Tips Sahabat

Ciri-Ciri Shockbreaker Mobil Rusak Kenali Gejalanya

05 Juli 2026
Ciri-Ciri Shockbreaker Mobil Rusak Kenali Gejalanya

Shockbreaker pada kendaraan menjadi penentu kenyamanan dan kestabilan di saat berkendara. Mangapa? Karena alat ini sangat berguna untuk meredam guncangan yang disebabkan oleh permukaan jalan yang tidak rata serta menjaga ban tetap menempel dengan baik pada aspal saat diperjalanan. Tentunya akan tidak merasa nyaman, jika komponen ini tidak terawat dengan baik atau mengalami kerusakan.

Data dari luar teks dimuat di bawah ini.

(* Along [h' = k h^2, h(0) = 1] the quantity [1/h + k t] is constant, so [1/h] would
   vanish at [t = 1/k]; before that time [h >= 1] stays away from 0. *)
Lemma riccati_blowup (h : R -> R) (k : R) :
  k <> 0 -> (forall t, is_derive h t (k * h t ^ 2)) -> h 0 = 1 -> False.
Proof.
  intros Hk Hd H0.
  assert (Hge : forall t, 0 <= k * t -> 1 <= h t).
  { intros t Ht.
    destruct (MVT_cor4 h (fun s => k * h s ^ 2) 0 (Rabs t) (fun s _ => Hd s) t)
      as [s [Hs _]]; [rewrite Rminus_0_r; lra|].
    rewrite H0 in Hs. nra. }
  set (phi := fun t => / h t + k * t).
  assert (Hphi : forall t, 0 <= k * t -> is_derive phi t 0).
  { intros t Ht; specialize (Hge t Ht).
    replace 0 with (- (k * h t ^ 2) / h t ^ 2 + k * 1) by (field; lra).
    apply is_derive_Rplus; [apply is_derive_inv; [apply Hd|lra]|apply is_derive_scal; exact (is_derive_id _)]. }
  assert (Hend : phi (/ k) = phi 0).
  { destruct (Rtotal_order k 0) as [Hl|[He|Hg]]; [|lra|].
    - assert (/ k < 0) by (apply Rinv_lt_0_compat; lra).
      apply eq_is_derive; [|lra].
      intros t Ht; apply Hphi; nra.
    - assert (0 < / k) by (apply Rinv_0_lt_compat; lra).
      symmetry; apply eq_is_derive; [|lra].
      intros t Ht; apply Hphi; nra. }
  assert (H1 := Hge (/ k) ltac:(rewrite Rinv_r; lra)).
  assert (0 < / h (/ k)) by (apply Rinv_0_lt_compat; lra).
  unfold phi in Hend; rewrite H0, Rinv_r, Rinv_1 in Hend by exact Hk; lra.
Qed.

Lemma has_deriv_cmp (c v : R -> vec) (i : nat) (t : R) :
  has_deriv c v -> is_derive (fun s => cmp (c s) i) t (cmp (v t) i).
Proof. intros H; unfold cmp; destruct (Nat.eqb i 0); apply H. Qed.

Lemma has_deriv_vscal (k : R) (c v : R -> vec) :
  has_deriv c v -> has_deriv (fun s => vscal k (c s)) (fun s => vscal k (v s)).
Proof. intros H t; unfold vscal; cbn [fst snd]; split; apply is_derive_scal, H. Qed.

Lemma has_deriv_rescale (mu : R) (c v : R -> vec) : mu <> 0 ->
  has_deriv c v -> has_deriv (fun s => c (s / mu)) (fun s => vscal (/ mu) (v (s / mu))).
Proof.
  intros Hmu H s; split.
  - exact (is_derive_rescale (fun t => fst (c t)) mu s _ Hmu (proj1 (H (s / mu)))).
  - exact (is_derive_rescale (fun t => snd (c t)) mu s _ Hmu (proj2 (H (s / mu)))).
Qed.

Lemma det2_deriv (c v ac : R -> vec) : has_deriv c v -> has_deriv v ac ->
  forall t, is_derive (fun s => det2 (c s) (v s)) t (det2 (c t) (ac t)).
Proof.
  intros Hc Hv t; destruct (Hc t) as [Hc1 Hc2], (Hv t) as [Hv1 Hv2]; unfold det2.
  replace (fst (c t) * snd (ac t) - snd (c t) * fst (ac t))
    with ((fst (v t) * snd (v t) + fst (c t) * snd (ac t))
          - (snd (v t) * fst (v t) + snd (c t) * fst (ac t))) by ring.
  apply is_derive_Rminus; apply Derive.is_derive_mult; assumption.
Qed.

Definition harmonic_form (lam : R) (p v : vec) (i j : nat) : R :=
  lam * cmp p i * cmp p j + cmp v i * cmp v j.

Lemma harmonic_form_adj (lam : R) (p v : vec) :
  harmonic_form lam p v 1 1 * fst p ^ 2 - 2 * harmonic_form lam p v 0 1 * fst p * snd p
  + harmonic_form lam p v 0 0 * snd p ^ 2 = det2 p v ^ 2.
Proof. unfold harmonic_form, det2, cmp; cbn [Nat.eqb]; ring. Qed.

Lemma harmonic_form_det (lam : R) (p v : vec) :
  harmonic_form lam p v 0 0 * harmonic_form lam p v 1 1 - harmonic_form lam p v 0 1 ^ 2
  = lam * det2 p v ^ 2.
Proof. unfold harmonic_form, det2, cmp; cbn [Nat.eqb]; ring. Qed.

Section HarmonicCurve.

Variables (lam : R) (c v : R -> vec).
Hypothesis Hc : has_deriv c v.
Hypothesis Hv : has_deriv v (fun t => vscal (- lam) (c t)).

Lemma harmonic_det2_const (t : R) : det2 (c t) (v t) = det2 (c 0) (v 0).
Proof.
  apply (is_derive_zero_const (fun s => det2 (c s) (v s))); intros s.
  replace 0 with (det2 (c s) (vscal (- lam) (c s))) by (unfold det2, vscal; cbn [fst snd]; ring).
  exact (det2_deriv c v _ Hc Hv s).
Qed.

Lemma harmonic_form_const (i j : nat) (t : R) :
  harmonic_form lam (c t) (v t) i j = harmonic_form lam (c 0) (v 0) i j.
Proof.
  apply (is_derive_zero_const (fun s => harmonic_form lam (c s) (v s) i j)); intros s.
  unfold harmonic_form.
  pose proof (has_deriv_cmp c v i s Hc) as Dci; pose proof (has_deriv_cmp c v j s Hc) as Dcj.
  pose proof (has_deriv_cmp _ _ i s Hv) as Dvi; pose proof (has_deriv_cmp _ _ j s Hv) as Dvj.
  cbv beta in Dvi, Dvj; rewrite cmp_vscal in Dvi, Dvj.
  replace 0 with (lam * cmp (v s) i * cmp (c s) j + lam * cmp (c s) i * cmp (v s) j
    + (- lam * cmp (c s) i * cmp (v s) j + cmp (v s) i * (- lam * cmp (c s) j))) by ring.
  apply is_derive_Rplus.
  - apply (Derive.is_derive_mult (fun s => lam * cmp (c s) i)); [apply is_derive_scal|]; assumption.
  - apply (Derive.is_derive_mult (fun s => cmp (v s) i)); assumption.
Qed.

Lemma harmonic_line : lam = 0 -> det2 (c 0) (v 0) = 0 ->
  exists (alpha beta : R) (w : vec),
    forall t, c t = ((alpha * t + beta) * fst w, (alpha * t + beta) * snd w).
Proof.
  intros Hlam Hh.
  assert (Hv0 : forall i t, cmp (v t) i = cmp (v 0) i).
  { intros i; apply (is_derive_zero_const (fun t => cmp (v t) i)); intros t.
    replace 0 with (cmp (vscal (- lam) (c t)) i) by (rewrite cmp_vscal, Hlam; ring).
    exact (has_deriv_cmp _ _ i t Hv). }
  assert (Hc0 : forall i t, cmp (c t) i = cmp (c 0) i + cmp (v 0) i * t).
  { intros i; apply (is_derive_const_slope (fun t => cmp (c t) i)); intros t.
    rewrite <- (Hv0 i t); exact (has_deriv_cmp c v i t Hc). }
  destruct (det2_zero_collinear _ _ Hh) as (alpha & beta & w & Ec & Ev).
  exists alpha, beta, w; intros t.
  rewrite (surjective_pairing (c t)).
  assert (E0 := Hc0 0%nat t); assert (E1 := Hc0 1%nat t).
  unfold cmp in E0, E1; cbn [Nat.eqb] in E0, E1; rewrite Ec, Ev in E0, E1.
  unfold vscal in E0, E1; cbn [fst snd] in E0, E1.
  rewrite E0, E1; f_equal; ring.
Qed.

(* Rescaling time by [mu = kappa h0] normalises [det2 c' c''] to 1. The conserved form
   [harmonic_form] is (up to the factor [h0^2]) the adjugate of the conic's matrix. *)
Lemma harmonic_conic (kappa : R) : kappa <> 0 -> det2 (c 0) (v 0) <> 0 ->
  lam = kappa ^ 3 * det2 (c 0) (v 0) ^ 2 ->
  exists (mu nu : R) (gam g1 g2 g3 : R -> vec) (s11 s12 s22 : R),
    mu <> 0 /\
    (forall t, c t = gam (mu * t + nu)) /\
    has_deriv gam g1 /\ has_deriv g1 g2 /\ has_deriv g2 g3 /\
    (forall s, det2 (g1 s) (g2 s) = 1) /\
    (forall s, det2 (g2 s) (g3 s) = kappa) /\
    s11 * s22 - s12 ^ 2 <> 0 /\
    (forall s, s11 * fst (gam s) ^ 2 + 2 * s12 * fst (gam s) * snd (gam s)
               + s22 * snd (gam s) ^ 2 = 1).
Proof.
  intros Hk Hh Hlam.
  set (h0 := det2 (c 0) (v 0)) in *.
  set (mu := kappa * h0).
  assert (Hmu : mu <> 0) by (apply Rmult_integral_contrapositive; tauto).
  set (N := harmonic_form lam (c 0) (v 0)).
  exists mu, 0, (fun s => c (s / mu)),
    (fun s => vscal (/ mu) (v (s / mu))),
    (fun s => vscal (/ mu) (vscal (/ mu) (vscal (- lam) (c (s / mu))))),
    (fun s => vscal (/ mu) (vscal (/ mu) (vscal (/ mu) (vscal (- lam) (v (s / mu)))))),
    (N 1%nat 1%nat / h0 ^ 2), (- N 0%nat 1%nat / h0 ^ 2), (N 0%nat 0%nat / h0 ^ 2).
  refine (conj Hmu (conj _ (conj _ (conj _ (conj _ (conj _ (conj _ (conj _ _)))))))).
  - intros t; f_equal; field; exact Hmu.
  - exact (has_deriv_rescale mu c v Hmu Hc).
  - apply has_deriv_vscal; exact (has_deriv_rescale mu v _ Hmu Hv).
  - do 2 apply has_deriv_vscal.
    exact (has_deriv_rescale mu _ _ Hmu (has_deriv_vscal (- lam) c v Hc)).
  - intros s; rewrite !det2_vscal_l, !det2_vscal_r, det2_swap, harmonic_det2_const.
    fold h0; rewrite Hlam; unfold mu; field; split; assumption.
  - intros s; rewrite !det2_vscal_l, !det2_vscal_r, harmonic_det2_const.
    fold h0; rewrite Hlam; unfold mu; field; split; assumption.
  - assert (D := harmonic_form_det lam (c 0) (v 0)); fold h0 N in D.
    clearbody N h0.
    assert (E : N 1%nat 1%nat / h0 ^ 2 * (N 0%nat 0%nat / h0 ^ 2) - (- N 0%nat 1%nat / h0 ^ 2) ^ 2
                = kappa ^ 3).
    { transitivity ((N 0%nat 0%nat * N 1%nat 1%nat - N 0%nat 1%nat ^ 2) / h0 ^ 4).
      - field; exact Hh.
      - rewrite D, Hlam; field; exact Hh. }
    rewrite E; apply pow_nonzero; exact Hk.
  - intros s.
    assert (A := harmonic_form_adj lam (c (s / mu)) (v (s / mu))).
    rewrite (harmonic_form_const 0 0), (harmonic_form_const 0 1), (harmonic_form_const 1 1),
      harmonic_det2_const in A; fold h0 N in A.
    clearbody N h0.
    transitivity ((N 1%nat 1%nat * fst (c (s / mu)) ^ 2
      - 2 * N 0%nat 1%nat * fst (c (s / mu)) * snd (c (s / mu))
      + N 0%nat 0%nat * snd (c (s / mu)) ^ 2) / h0 ^ 2).
    + field; exact Hh.
    + rewrite A; field; exact Hh.
Qed.

End HarmonicCurve.

Definition std_basis (i : nat) : vec := if Nat.eqb i 0 then (1, 0) else (0, 1).

Lemma Christoffel_Gam_basis (G : Chr) (i j k : nat) (x y : R) :
  (i < 2)%nat -> (j < 2)%nat -> (k < 2)%nat ->
  G i j k x y = cmp (Gam G (x, y) (std_basis i) (std_basis j)) k.
Proof.
  intros Hi Hj Hk.
  destruct i as [|[|i]]; destruct j as [|[|j]]; destruct k as [|[|k]]; try lia;
    unfold Gam, std_basis, sum2, cmp; cbn [fst snd Nat.eqb]; ring.
Qed.

Lemma flat_of_Gam_zero (G : Chr) : (forall p u v, Gam G p u v = (0, 0)) -> flat G.
Proof.
  intros H l i j k x y Hl Hi Hj Hk.
  assert (Z : forall i j k x y, (i < 2)%nat -> (j < 2)%nat -> (k < 2)%nat -> G i j k x y = 0).
  { intros i' j' k' x' y' Hi' Hj' Hk'.
    rewrite Christoffel_Gam_basis, H by assumption; unfold cmp; destruct (Nat.eqb k' 0); reflexivity. }
  assert (Dz : forall m f, (forall x y, f x y = 0) -> dpart m f x y = 0).
  { intros m f Hf; unfold dpart; destruct (Nat.eqb m 0);
      rewrite (Derive_ext _ (fun _ => 0)) by (intros; apply Hf); apply Derive_const. }
  unfold curv, sum2; rewrite !Dz by (intros; apply Z; assumption); rewrite !Z by lia; ring.
Qed.

Lemma sl2_Gam_b0 (a : R) (p u v : vec) : sl2_Gam a 0 p u v = vscal (a * det2 p u * det2 p v) p.
Proof. unfold sl2_Gam, vscal; f_equal; ring. Qed.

Perlu diketahui, shockbreaker memiliki masa pakai yang terbatas dan akan mengalami keausan seiring masa pemakaian kendaraan. Untuk mencegah terjadinya hal yang tidak diinginkan selama berkendara, kamu harus mengetahui tanda shockbreaker mobil rusak sebelum membawa kendaraan ke bengkel resmi. Apa saja tandanya? Simak penjelasan berikut:

1. Terjadinya ayunan yang berlebih

Tanda shockbreaker mobil rusak dapat terasa apabila mobil melewati polisi tidur atau jalan berlubang, lalu bodi mobil terjadi ayunan atau membal lebih dari dua kali. Padahal kita tahu, bahwa shockbreaker berguna untuk menghentikan efek pegas agar mobil tidak terus membal. Jika terjadi kondisi seperti ini, ada sebaiknya langsung periksa kendaraan kamu ke bengkel resmi karena shockbreaker tidak mampu lagi menahan tekanan di balik coil spring.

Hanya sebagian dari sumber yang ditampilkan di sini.